“Я родом из радуги… Я родом из Победы”
(Egor Letov, Sovetskaya Rossiya, 2024)
“Vengo da un arcobaleno… vengo da una Vittoria”
Negli anni ’80 la musica rock nell’Unione Sovietica era una scintilla di ribellione in un paese grigio.
Nei gruppi musicali nati alla fine degli anni ’70 e inizio anni ’80 – dalle lente canzoni lisergiche degli Aquarium alle ballate punk di Grazhdanskaja oborona – stava nascendo un vero movimento rock clandestino.
Senza l’appoggio dello Stato (anzi, spesso proprio contro lo Stato), queste band autoproducevano dischi e cassette trasmettendo un’energia nuova: vivevano di autofinanziamento e di scambi sotterranei, riuscendo “a sopravvivere anche senza l’aiuto del potere”.
L’URSS, anziché incoraggiare questa musica, la subiva come una festa proibita: la censura si aggirava tramite festival di provincia e samizdat discografici, rendendo il rock una piccola rivoluzione collettiva.
Fin da subito i musicisti sovietici incarnarono delle avanguardie musicali: gruppi punk come Graždanskaja oborona (famosa nel mondo semplicemente come Grob, «difesa civile») di Egor Letov e rock metafisico come i leggendari Kino di Viktor Coj o i visionari DDT di Yuri Shevchuk.
Queste band creavano suoni d’avanguardia, spesso con sonorità dolenti e sperimentali, che sfidavano il conformismo: erano i nuovi Batman della psichedelia russa.
All’epoca, come ricorda Letov, si presentava così una sorta di paradosso.
«…non capisco come potessero odiare la musica rock. Suonare non equivaleva a cantare contro il potere o invocarne il rovesciamento.
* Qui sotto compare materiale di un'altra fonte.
(* Linearizing the two alternative laws makes the associator (x,y,z) alternating;
   together with (xy)z = (yx)z this gives the relations of degree 3, which express the
   twelve multilinear monomials of degree 3 through the four basis elements.
   In degree 4, right multiplication by w turns the alternation of (x,y,z) into the
   relation 2g(x,y,z) = g(z,y,x) + g(x,z,y) for g(x,y,z) := ((xy)z)w, so g is symmetric
   (3 is invertible) and (x,y,z)w = 0.  Teichmuller's identity then shows that an
   associator with a product among its arguments vanishes (2 is invertible).  Hence a
   monomial of degree n >= 4 equals the left-normed product of its variables, which is
   symmetric in all but its last factor: it is the basis element indexed by its
   rightmost variable.
   Independence is read off two small U-algebras: K^2 with (x1,x2)(y1,y2) = (x1y1, x1y2),
   in which a monomial remembers its rightmost variable, and, for n = 3, a nilpotent
   algebra built on the cross product of K^3. *)

From HB Require Import structures.
From mathcomp Require Import all_boot all_order all_algebra sesquilinear.
From mathcomp Require Import ring zify.
Set Implicit Arguments. Unset Strict Implicit. Unset Printing Implicit Defensive.
Import GRing.Theory.
Local Open Scope ring_scope.

(* Atoms are compared up to conversion, so that occurrences of a product that
   differ only in the inferred structure instances count as the same atom. *)
Inductive zterm : Type :=
  | ZVar of nat | ZZero | ZOpp of zterm | ZAdd of zterm & zterm | ZMulz of zterm & int.

Fixpoint zcoef (e : zterm) (i : nat) : int :=
  match e with
  | ZVar j => (i == j)%:Z
  | ZZero => 0
  | ZOpp e => - zcoef e i
  | ZAdd e1 e2 => zcoef e1 i + zcoef e2 i
  | ZMulz e z => zcoef e i * z
  end.

Section ZmodLinear.
Variable V : zmodType.

Fixpoint zeval (env : seq V) (e : zterm) : V :=
  match e with
  | ZVar i => env`_i
  | ZZero => 0
  | ZOpp e => - zeval env e
  | ZAdd e1 e2 => zeval env e1 + zeval env e2
  | ZMulz e z => zeval env e *~ z
  end.

Lemma zevalE env e : zeval env e = \sum_(i < size env) env`_i *~ zcoef e i.
Proof.
elim: e => [j||e IHe|e1 IH1 e2 IH2|e IHe n] /=.
- have [ltj|lej] := ltnP j (size env); last first.
    rewrite nth_default // big1 // => i _.
    by rewrite ltn_eqF ?mulr0z // (leq_trans (ltn_ord i) lej).
  rewrite (bigD1 (Ordinal ltj)) //= eqxx mulr1z big1 ?addr0 // => i.
  by rewrite -val_eqE /= => /negbTE ->; rewrite mulr0z.
- by rewrite big1 // => i _; rewrite mulr0z.
- by rewrite IHe -sumrN; apply: eq_bigr => i _; rewrite mulrNz.
- by rewrite IH1 IH2 -big_split; apply: eq_bigr => i _; rewrite mulrzDr.
- by rewrite IHe mulrz_suml; apply: eq_bigr => i _; rewrite mulrzA.
Qed.

Lemma zeval_eq env e1 e2 :
  all (fun i => zcoef e1 i == zcoef e2 i) (iota 0 (size env)) ->
  zeval env e1 = zeval env e2.
Proof.
move/allP=> eq12; rewrite !zevalE; apply: eq_bigr => i _.
by rewrite (eqP (eq12 i _)) // mem_iota add0n ltn_ord.
Qed.

Lemma eq_by_subr (x y u v : V) : x - y = u - v -> u = v -> x = y.
Proof. by move=> e uv; apply/subr0_eq; rewrite e uv subrr. Qed.

End ZmodLinear.

Ltac zconv x y :=
  constr:(ltac:(first [ unify x y; exact true | exact false ]) : bool).

Ltac zmem x l :=
  lazymatch l with
  | nil => constr:(false)
  | cons ?y ?l' => lazymatch zconv x y with true => constr:(true) | false => zmem x l' end
  end.

Ltac zatoms t l :=
  lazymatch t with
  | ?a + ?b => let l := zatoms a l in zatoms b l
  | - ?a => zatoms a l
  | ?a *+ _ => zatoms a l
  | ?a *~ _ => zatoms a l
  | 0 => l
  | _ => lazymatch zmem t l with true => l | false => constr:(cons t l) end
  end.

Ltac zindex x l :=
  lazymatch l with
  | cons ?y ?l' =>
      lazymatch zconv x y with
      | true => constr:(O)
      | false => let n := zindex x l' in constr:(S n)
      end
  end.
Lemma open_coord_box t : O t ->
  exists2 e : R, 0 < e & forall t' : 'rV[R]_n, (forall j, `|t 0 j - t' 0 j| < e) -> O t'.
Proof.
move=> Ot; have /nbhs_ballP[e e_gt0 ballO] : nbhs t O by apply: open_nbhs_nbhs.
exists e => // t' near_t; apply: ballO; split=> // i j.
by rewrite (ord1 i) -ball_normE; apply: near_t.
Qed.

Lemma open_coord_lines t : O t -> exists (t1 : 'rV[R]_n) (h : R),
  [/\ h != 0, forall l, t1 0 l != 0 &
      forall j x, x \in [:: t1 0 j; t1 0 j + h; t1 0 j - h] -> O (row_upd t1 j x)].
Proof.
move=> Ot; have [e e_gt0 boxO] := open_coord_box Ot.
pose t1 := \row_l (if t 0 l == 0 then e / 2 else t 0 l).
have t1_near l : `|t 0 l - t1 0 l| <= e / 2.
  rewrite mxE; case: eqP => [->|_]; last by rewrite subrr normr0; lra.
  by rewrite sub0r normrN ger0_norm //; lra.
exists t1, (e / 4); split; first by apply/eqP; lra.
  by move=> l; rewrite mxE; case: (t 0 l =P 0) => [_|/eqP //]; apply/eqP; lra.
move=> j x x_line; apply: boxO => l; have [->|neq_lj] := eqVneq l j; last first.
  by rewrite row_upd_neq //; apply: le_lt_trans (t1_near l) _; lra.
rewrite row_upd_eq; apply: le_lt_trans (ler_distD (t1 0 j) _ _) _.
have : `|t1 0 j - x| <= e / 4.
  rewrite ler_norml; move: x_line; rewrite !inE => /or3P[] /eqP ->;
  by apply/andP; split; lra.
by have := t1_near j; lra.
Qed.

End OpenSets.

Section LiftMax.
Variables (R : pzRingType) (n : nat).
Implicit Types w s : 'cV[R]_n.+1.
Lemma delta_zglue_avoid b v : v \in [:: p; q] ->
  forall i j k l, (i <= n.+1)%N -> (j <= n.+1)%N -> (k <= n.+1)%N -> (l <= n.+1)%N ->
  i != v -> j != v -> k != v -> l != v -> delta (zglue b) i j k l = 0.
Proof.
move=> v_pq i j k l *.
apply: (@delta_eq0_sorted _ (fun x => (x <= n.+1)%N && (x != v))); try exact/andP.
move=> a b' c d ab bc cd /andP[_ av] /andP[_ bv] /andP[_ cv] /andP[dn dv].
rewrite delta_sorted // /zglue.
move: v_pq; rewrite !inE => /orP[] /eqP v_def; subst v.
- by have /= := cocycle_avoid p_le (glue_bump_p b) FC ab bc cd dn av bv cv dv; lia.
- by have /= := cocycle_avoid q_le (glue_bump_q b) GC ab bc cd dn av bv cv dv; lia.
Qed.

(* A base vertex other than p and q; it exists because n > 0. *)
Let r0 : nat := (if p == 0 then if q == 1 then 2 else 1 else 0)%N.

Let r0_valid : [/\ (r0 <= n.+1)%N, r0 != p & r0 != q].
Proof. by rewrite /r0; case: eqP => ?; [case: eqP => ?|]; split; lia. Qed.

Let X0 := zglue (fun=> 0%N).

(* The oriented entry of the filler on (p, q, r) will be phi r - t for a
   suitable constant t. *)
Definition phi r := alt X0 p r0 r - alt X0 q r0 r.

Lemma phi_sub r s : (r <= n.+1)%N -> (s <= n.+1)%N ->
  r != p -> r != q -> s != p -> s != q ->
  phi s - phi r = alt X0 p r s - alt X0 q r s.
Proof.
move=> rn sn rp rq sp sq; case: r0_valid => r0n r0p r0q.
have avoid_q := @delta_zglue_avoid (fun=> 0%N) q (mem_last p [:: q]).
have avoid_p := @delta_zglue_avoid (fun=> 0%N) p (mem_head p [:: q]).
have := avoid_q p r0 r s p_le r0n rn sn (negbT (ltn_eqF p_lt_q)) r0q rq sq.
have := avoid_p q r0 r s q_le r0n rn sn (negbT (gtn_eqF p_lt_q)) r0p rp sp.
by rewrite /delta /phi -/X0; lia.
Qed.

Lemma phi_inner_outer r s : (p < r < q)%N -> (s <= n.+1)%N -> (s < p)%N || (q < s)%N ->
  phi r <= phi s.
Proof.
move=> /andP[pr rq] sn s_out; rewrite -subr_ge0 phi_sub //; try lia.
case/orP: s_out => [sp|qs].
- rewrite [alt _ p r s]alt_rot [alt _ r s p]alt_rot.
  rewrite [alt _ q r s]alt_rot [alt _ r s q]alt_rot.
  by rewrite [alt _ s q r]alt_swap23 !alt_sorted /X0 /zglue; lia.
- by rewrite [alt _ q r s]alt_swap12 !alt_sorted /X0 /zglue; lia.
Qed.

Lemma exists_threshold : exists t : int,
  (forall r, (p < r < q)%N -> phi r <= t) /\
  (forall s, (s <= n.+1)%N -> (s < p)%N || (q < s)%N -> t <= phi s).
Proof.
have [|t [inner outer]] := @exists_between _ _ 0 _ (iota 0 n.+2)
  (fun r => (p < r < q)%N) (fun s => (s <= n.+1)%N && ((s < p)%N || (q < s)%N)) phi.
  by move=> r s rI /andP[sn sO]; exact: phi_inner_outer.
exists t; split=> [r rI|s sn sO]; [apply: inner | apply: outer];
  rewrite ?mem_iota ?sn //=; lia.
Qed.

Lemma glue_pq b x y z : (x < y)%N -> (y < z)%N -> (z <= n.+1)%N ->
  p \in [:: x; y; z] -> q \in [:: x; y; z] -> glue b x y z = b (x + y + z - p - q)%N.
Proof.
rewrite !inE => xy yz zn pxyz qxyz; rewrite /glue ifT; last by apply/and3P.
by rewrite ifF ?ifF //; apply/negbTE; lia.
Qed.

Section Threshold.
Variable t : int.
Hypothesis phi_le : forall r, (p < r < q)%N -> phi r <= t.
Hypothesis le_phi : forall s, (s <= n.+1)%N -> (s < p)%N || (q < s)%N -> t <= phi s.

Definition pq_entry r : nat := `|phi r - t|%N.

Lemma alt_zglue_pq r : (r <= n.+1)%N -> r != p -> r != q ->
  alt (zglue pq_entry) p q r = phi r - t.
Proof.
move=> rn rp rq; case: (ltngtP r p) => [rp'|pr|/eqP]; last by rewrite (negbTE rp).
  rewrite alt_rot alt_rot alt_sorted /zglue ?glue_pq ?inE ?eqxx ?orbT //; try lia.
  by have := le_phi rn; rewrite rp' /pq_entry (_ : (r + p + q - p - q)%N = r); lia.
case: (ltngtP r q) => [rq'|qr|/eqP]; last by rewrite (negbTE rq).
  rewrite alt_swap23 alt_sorted /zglue ?glue_pq ?inE ?eqxx ?orbT //; try lia.
  by have := @phi_le r; rewrite pr rq' /pq_entry (_ : (p + r + q - p - q)%N = r); lia.
rewrite alt_sorted /zglue ?glue_pq ?inE ?eqxx ?orbT //; try lia.
by have := le_phi rn; rewrite qr orbT /pq_entry (_ : (p + q + r - p - q)%N = r); lia.
Qed.

Lemma delta_zglue_pq r s : r != p -> r != q -> s != p -> s != q ->
  (r <= n.+1)%N -> (s <= n.+1)%N -> delta (zglue pq_entry) p q r s = 0.
Proof.
move=> rp rq sp sq rn sn; rewrite /delta !alt_zglue_pq //.
rewrite (alt_zglue_indep _ (fun=> 0%N)); last by rewrite rp sp (negbT (gtn_eqF p_lt_q)).
rewrite [alt _ p r s](alt_zglue_indep _ (fun=> 0%N)); last first.
  by rewrite rq sq (negbT (ltn_eqF p_lt_q)) orbT.
by have := phi_sub rn sn rp rq sp sq; rewrite -/X0; lia.
Qed.

Lemma glue_cocycle_of_threshold : cocycle addn n.+1 (glue pq_entry).
Proof.
move=> a b c d ab bc cd dn.
have [/and4P[ap bp cp dp]|not_avoid_p] := boolP [&& a != p, b != p, c != p & d != p].
  by have := cocycle_avoid p_le (glue_bump_p pq_entry) FC ab bc cd dn ap bp cp dp.
have [/and4P[aq bq cq dq]|not_avoid_q] := boolP [&& a != q, b != q, c != q & d != q].
  by have := cocycle_avoid q_le (glue_bump_q pq_entry) GC ab bc cd dn aq bq cq dq.
have : delta (zglue pq_entry) a b c d = 0.
  apply: (delta_eq0_pair delta_zglue_pq) => //; rewrite !inE; lia.
by rewrite delta_sorted // /zglue /=; lia.
Qed.

End Threshold.

Lemma glue_cocycle : exists b, cocycle addn n.+1 (glue b).
Proof.
have [t [phi_le le_phi]] := exists_threshold.
by exists (pq_entry t); exact: glue_cocycle_of_threshold.
Qed.

End Glue.

Theorem K_nat_2_SS : SS_complex K_nat_2.
Proof.
move=> m p q p_lt_q q_le cp cq faces_eq.
have compat i j k : entry cq (bump p i) (bump p j) (bump p k) =
                    entry cp (bump q.-1 i) (bump q.-1 j) (bump q.-1 k).
  have := congr1 (fun a => entry a i j k) faces_eq.
  by rewrite /= !entry_face !inordK //; lia.
have [b glueC] := glue_cocycle (ltn0Sn m) p_lt_q q_le (entry_normalized cp)
  (entry_normalized cq) (entry_cocycle cp) (entry_cocycle cq) compat.
exists (simplex_of (glue_normalized p q (entry cp) (entry cq) b) glueC).
split; apply: simplex_eq => i j k; rewrite entry_face entry_simplex_of inordK; try lia.
- exact: glue_bump_p _ p_lt_q q_le (entry_normalized cp) b i j k.
- exact: glue_bump_q p_lt_q q_le (entry_normalized cq) compat b i j k.
Qed.

Theorem mainTheorem1 : SS_complex K_nat_2 /\ ~ Kan_complex K_nat_2.
Proof. exact: (conj K_nat_2_SS K_nat_2_not_Kan). Qed.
Per molti era semplicemente una festa, un ballo come tanti…»
Leningrado chiama: la capitale russa del rock
“Мы чувствовали себя как в подземной церкви…”
Boris Grebenshikov, intervista a Ogonyok (1987)
“Ci sentivamo come in una chiesa sotterranea…”
Anche se dapprima ignorata, la rock music sovietica divenne presto un fenomeno sociale crescente.
Nei primi anni ’80 nascevano i Leningrad Rock Club e i primi festival ufficiali come Tbilisi-80: eventi che radunavano le nuove stelle della scena.
A San Pietroburgo – Leningrado, la “capitale russa del rock” – si formarono nomi destinati a cambiare la storia musicale del paese (come Аквариум, Алиса, Пикник, oltre appunto a Кино e ДДТ). Quella città rimaneva il cuore pulsante di un’Italia del rock sovietico: dai cantieri di periferia uscivano artisti che, al chiuso di stanzette polverose e club clandestini, inventavano un modo tutto loro di cantare il deserto ideologico in cui vivevano.
“В начале 80-х рок-музыкантов и их поклонников начали рьяно преследовать. Молодой человек свой вечер мог начать на подпольном концерте, а закончить – в отделении милиции”argumenti.ru.
Alla fine degli anni ’70 e all’inizio degli anni ’80 il potere reagì bruscamente: ogni rockclub divenne un’occasione di controllo.
Apparvero “liste nere” di gruppi proibiti. Ogni concerto doveva sembrare un ballo innocuo.
I giovani musicisti si esibivano di nascosto, scappando dalle ronde, come ricorda un editoriale russo.
«Negli anni ’80 i musicisti rock e i loro fan vennero perseguitati; un ragazzo poteva iniziare la serata a un concerto sotterraneo e finirla in questura»
Il KGB faceva irruzione agli spettacoli, identificava le cassette pirata, arrestava chi distribuiva vinili vietati.
Punk siberiano e poesia dell’autodistruzione
“Меня держали в психушке за песни. Я должен был выжить — поэтому я сочинял”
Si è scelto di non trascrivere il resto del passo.